What is required: In the data below, find the lines containing "element" and say how many there are, nothing more.

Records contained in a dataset

+===+

(* Let $R$ be the ring of integers of a nonarchimedean local field $F$ of characteristic not $2$ in which $2$ is a prime element. Any even $R$-lattice of rank $4$ that primitively represents all even $R$-lattices of rank $2$ is isometric to $\mathbb{H}^2$.
   Context: An $R$-lattice is a finitely generated $R$-submodule of a quadratic space $(V,B)$ over $F$ with $Q(v)=B(v,v)$, assumed integral ($B(L,L)\subseteq R$) and nondegenerate; it is even if $Q(L)\subseteq 2R$. A representation is an $R$-linear map preserving $B$; it is primitive if its image is a direct summand. $\mathbb{H}$ is the binary lattice with Gram matrix $\begin{pmatrix}0&1\\1&0\end{pmatrix}$ and $\mathbb{H}^2=\mathbb{H}\perp\mathbb{H}$. *)

From HB Require Import structures.
From mathcomp Require Import all_boot all_order all_algebra.
Set Implicit Arguments. Unset Strict Implicit. Unset Printing Implicit Defensive.
Import Order.TTheory GRing.Theory Num.Theory.
Local Open Scope ring_scope.

Definition dvdR (R : comNzRingType) (a b : R) : Prop := exists c : R, b = a * c.

(* R is the ring of integers of a nonarchimedean local field F (= Frac R)
   of characteristic not 2 in which 2 is a prime element.  Equivalently:
   R is a complete discrete valuation ring with finite residue field whose
   maximal ideal is generated by 2 (2 <> 0 gives char F <> 2). *)
Definition dyadic_local_integers (R : idomainType) : Prop :=
  [/\ (2%:R : R) != 0,
      ~~ ((2%:R : R) \is a GRing.unit),
      (forall x : R, x != 0 ->
         exists (k : nat) (u : R), u \is a GRing.unit /\ x = u * 2%:R ^+ k),
      (exists s : seq R, forall x : R, exists2 y, y \in s & dvdR 2%:R (x - y))
    &
      (forall a : nat -> R,
         (forall n, dvdR (2%:R ^+ n) (a n.+1 - a n)) ->
         exists l : R, forall n, dvdR (2%:R ^+ n) (l - a n))].

(* An R-lattice of rank n, given by its Gram matrix in a basis (lattices over
   the PID R are free): symmetric, integral (entries in R), nondegenerate. *)
Definition lattice (R : idomainType) (n : nat) (G : 'M[R]_n) : Prop :=
  G^T = G /\ \det G != 0.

+===+

Exercise solution: 2